TITLE:
Current Algorithm for Treatment of Advanced NSCLC Patients: How to Include Active Immunotherapy?
AUTHORS:
Gisela Gonzalez, Arlhee Diaz-Miqueli, Tania Crombet, Luis E. Raez, Agustin Lage
KEYWORDS:
Lung Cancer Therapy; Active Immunotherapy; Cancer Vaccines
JOURNAL NAME:
Journal of Cancer Therapy,
Vol.4 No.8A,
September
27,
2013
ABSTRACT:
Despite the availability of different treatments
for advanced NSCLC, all of them have a palliative intention and a cure for the disease is unlikely. Thus, advanced lung
cancer remains as an unmet medical need.
Chemotherapy has been used as the therapy of choice for advanced NSCLC patients,
but it is mainly limited by the patient’s performance status.

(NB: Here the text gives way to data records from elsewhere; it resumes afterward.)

(* Let $H$ be a dense 3-graph and $T$ a triangle. Then $H$ is forbidden for $T$ if and only if $H$ is exactly forbidden for $T$.
   Context: A 3-graph is a 3-uniform hypergraph. For a 3-graph $G$ and a 3-graph $F$, $G$ is $F$-free if it has no (not necessarily induced) subhypergraph isomorphic to $F$. Let $T$ be a triangle with side lengths $a,b,c$, $\varepsilon>0$, $\varepsilon'=\varepsilon\min\{a,b,c\}$; a triangle $A'B'C'$ is $\varepsilon$-congruent to $T$ if there are $A,B,C\in\mathbb{R}^2$ with $ABC$ congruent to $T$ and $A',B',C'$ within distance $\varepsilon'$ of $A,B,C$ respectively. For finite $P\subseteq\mathbb{R}^2$, $\mathcal{H}(T,P,\varepsilon)$ is the 3-graph with vertex set $P$ whose edges are the triples forming triangles $\varepsilon$-congruent to $T$. A 3-graph $H$ is forbidden for $T$ if there exists $\varepsilon>0$ such that for every point set $P\subseteq\mathbb{R}^2$ with $|P|=|V(H)|$, $\mathcal{H}(T,P,\varepsilon)$ is $H$-free. A 3-graph $H$ with vertex set $[k]$ is exactly forbidden for $T$ if there do not exist points $p_1,\dots,p_k\in\mathbb{R}^2$ (not necessarily distinct) such that for every edge $xyz\in E(H)$ the triangle $p_xp_yp_z$ is congruent to $T$. A 3-graph $H$ on $k$ vertices is dense if there is an ordering $v_1,\dots,v_k$ of its vertices such that for every $3\le i\le k$ there is an edge of $H[\{v_1,\dots,v_i\}]$ containing $v_i$. *)

From HB Require Import structures.
From mathcomp Require Import all_boot all_order all_algebra.
From mathcomp Require Import reals.
From mathcomp Require Import finmap.
Set Implicit Arguments. Unset Strict Implicit. Unset Printing Implicit Defensive.
Import Order.TTheory GRing.Theory Num.Theory.
Local Open Scope ring_scope.
Local Open Scope fset_scope.

Section Geo.
Variable R : realType.

Definition point := (R * R)%type.

Definition dist (p q : point) : R :=
  Num.sqrt ((p.1 - q.1) ^+ 2 + (p.2 - q.2) ^+ 2).

(* T is the triangle with side lengths a, b, c; a fixed labelling:
   |AB| = a, |BC| = b, |CA| = c. *)
Definition cong_ord (a b c : R) (A B C : point) : Prop :=
  dist A B = a /\ dist B C = b /\ dist C A = c.

(* triangle ABC (vertices unordered) is congruent to T (SSS) *)
Definition tri_cong (a b c : R) (A B C : point) : Prop :=
  cong_ord a b c A B C \/ cong_ord a b c A C B \/ cong_ord a b c B A C \/
  cong_ord a b c B C A \/ cong_ord a b c C A B \/ cong_ord a b c C B A.

Definition eps_cong (a b c eps : R) (A' B' C' : point) : Prop :=
  let eps' := eps * Num.min a (Num.min b c) in
  exists A B C : point, tri_cong a b c A B C /\
    dist A' A <= eps' /\ dist B' B <= eps' /\ dist C' C <= eps'.

(* edges of H(T,P,eps): vertex set is (the finite type of elements of) P *)
Definition geom_edge (a b c eps : R) (P : {fset point}) (e : {set P}) : Prop :=
  exists p q r : P, [/\ p != q, q != r, p != r, e = [set p; q; r] &
    eps_cong a b c eps (val p) (val q) (val r)].

(* G (vertex type W, edge predicate EG) contains a (not necessarily induced)
   copy of H (vertex type V, edge set EH) *)
Definition contains_copy (V W : finType) (EH : {set {set V}})
  (EG : {set W} -> Prop) : Prop :=
  exists f : V -> W, injective f /\ forall e, e \in EH -> EG (f @: e).

Definition forbidden (a b c : R) (V : finType) (E : {set {set V}}) : Prop :=
  exists eps : R, 0 < eps /\
    forall P : {fset point}, #|` P| = #|V| ->
      ~ contains_copy E (geom_edge a b c eps (P := P)).
(* Let $\mathcal A$ be a class of spaces and let $X$ be an absolute extensor for all $Z\in\mathcal A$. If $X$ has a binary normal closed subbase $\mathcal S$, then every $\mathcal S$-convex $\mathcal S$-open continuous surjection $f\colon X\to Y$ is $\mathcal A$-soft.
   Context: All spaces are Tychonoff and maps continuous. $X$ is an absolute extensor for $Z$ if every continuous map from a closed subset of $Z$ to $X$ extends to a continuous map $Z\to X$. A map $f\colon X\to Y$ is $\mathcal A$-soft if for any $Z\in\mathcal A$, closed $A\subset Z$ and continuous maps $k\colon Z\to Y$, $h\colon A\to X$ with $f\circ h=k|A$, there is a continuous $g\colon Z\to X$ extending $h$ with $f\circ g=k$. A family $\mathcal S$ of closed subsets of $X$ is a closed subbase if every closed set is an intersection of finite unions of members of $\mathcal S$. A family is linked if any two members intersect; $\mathcal S$ is binary if every linked subfamily has nonempty intersection. $\mathcal S$ is normal if for every disjoint $S_0,S_1\in\mathcal S$ there exist $T_0,T_1\in\mathcal S$ with $S_0\cap T_1=\varnothing=T_0\cap S_1$ and $T_0\cup T_1=X$. For $B\subset X$, $I_{\mathcal S}(B)=\bigcap\{S\in\mathcal S:B\subset S\}$; $B$ is $\mathcal S$-convex if $I_{\mathcal S}(\{x,y\})\subset B$ for all $x,y\in B$. A map $f$ is $\mathcal S$-convex if its fibers are $\mathcal S$-convex, and $\mathcal S$-open if $f(X\setminus S)$ is open for every $S\in\mathcal S$. *)

From HB Require Import structures.
From mathcomp Require Import all_boot all_order all_algebra.
From mathcomp Require Import all_classical all_reals all_analysis.
From mathcomp Require Import Rstruct Rstruct_topology.
Set Implicit Arguments. Unset Strict Implicit. Unset Printing Implicit Defensive.
Import Order.TTheory GRing.Theory Num.Theory.
Local Open Scope classical_set_scope.

(* Tychonoff = completely regular (library notion, with the reals as scalars) + Hausdorff *)
Definition tychonoff_space (T : topologicalType) : Prop :=
  completely_regular_space T /\ hausdorff_space T.

(* A map A -> X is represented
   by a function h : Z -> X continuous on A (only its values on A matter). *)
Definition absolute_extensor_for (X Z : topologicalType) : Prop :=
  forall (A : set Z) (h : Z -> X), closed A -> {within A, continuous h} ->
  exists g : Z -> X, continuous g /\ {in A, g =1 h}.

Definition soft_wrt (cA : topologicalType -> Prop)
    (X Y : topologicalType) (f : X -> Y) : Prop :=
  forall (Z : topologicalType), cA Z ->
  forall (A : set Z) (k : Z -> Y) (h : Z -> X),
    closed A -> continuous k -> {within A, continuous h} ->
    (forall z, A z -> f (h z) = k z) ->
    exists g : Z -> X, continuous g /\ {in A, g =1 h} /\ (forall z, f (g z) = k z).

Definition finite_union_of {X : Type} (S : set (set X)) (B : set X) : Prop :=
  exists F : set (set X), finite_set F /\ F `<=` S /\ B = \bigcup_(U in F) U.

Definition closed_subbase {X : topologicalType} (S : set (set X)) : Prop :=
  (forall U, S U -> closed U) /\
  forall C : set X, closed C ->
    exists G : set (set X), G `<=` finite_union_of S /\ C = \bigcap_(B in G) B.

Definition linked {X : Type} (L : set (set X)) : Prop :=
  forall U V, L U -> L V -> U `&` V !=set0.

Definition binary {X : Type} (S : set (set X)) : Prop :=
  forall L, L `<=` S -> linked L -> \bigcap_(U in L) U !=set0.

Definition normal_family {X : Type} (S : set (set X)) : Prop :=
  forall S0 S1, S S0 -> S S1 -> S0 `&` S1 = set0 ->
  exists T0 T1, S T0 /\ S T1 /\ S0 `&` T1 = set0 /\ T0 `&` S1 = set0 /\
    T0 `|` T1 = setT.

More recently, targeted therapies have introduced more specific treatment options
that show efficacy in specific niche of patients, but precisely due to their target
specificity, they usually provoke early resistance. In addition to these limitations, most of the best drugs currently used for
treatment of advanced NSCLC show small increases in patient survival with severe
associated toxicity. Novel drugs with low toxicity that could be given chronically
to control the advanced disease can make a difference. They could allow the management
of advanced cancer as a chronic disease that, even when not cured, it can be controlled for long periods of time offering patients a good quality of life. Active-specific immunotherapy is an area of oncology
that is rapidly expanding with encouraging results. Cancer vaccines against many
potential targets have shown to increase patient survival in clinical trials at
all stages NSCLC, when included as first-line, maintenance, or second-line therapy.
Safety of cancer vaccines supposes a new hope for cancer therapy, and this unique characteristic makes it possible to be used in sub-sets of patients that cannot receive
other approved treatments because of their high toxicity. In this paper, authors propose how active immunotherapy
could be included in the current algorithm for treatment of advanced NSCLC patients.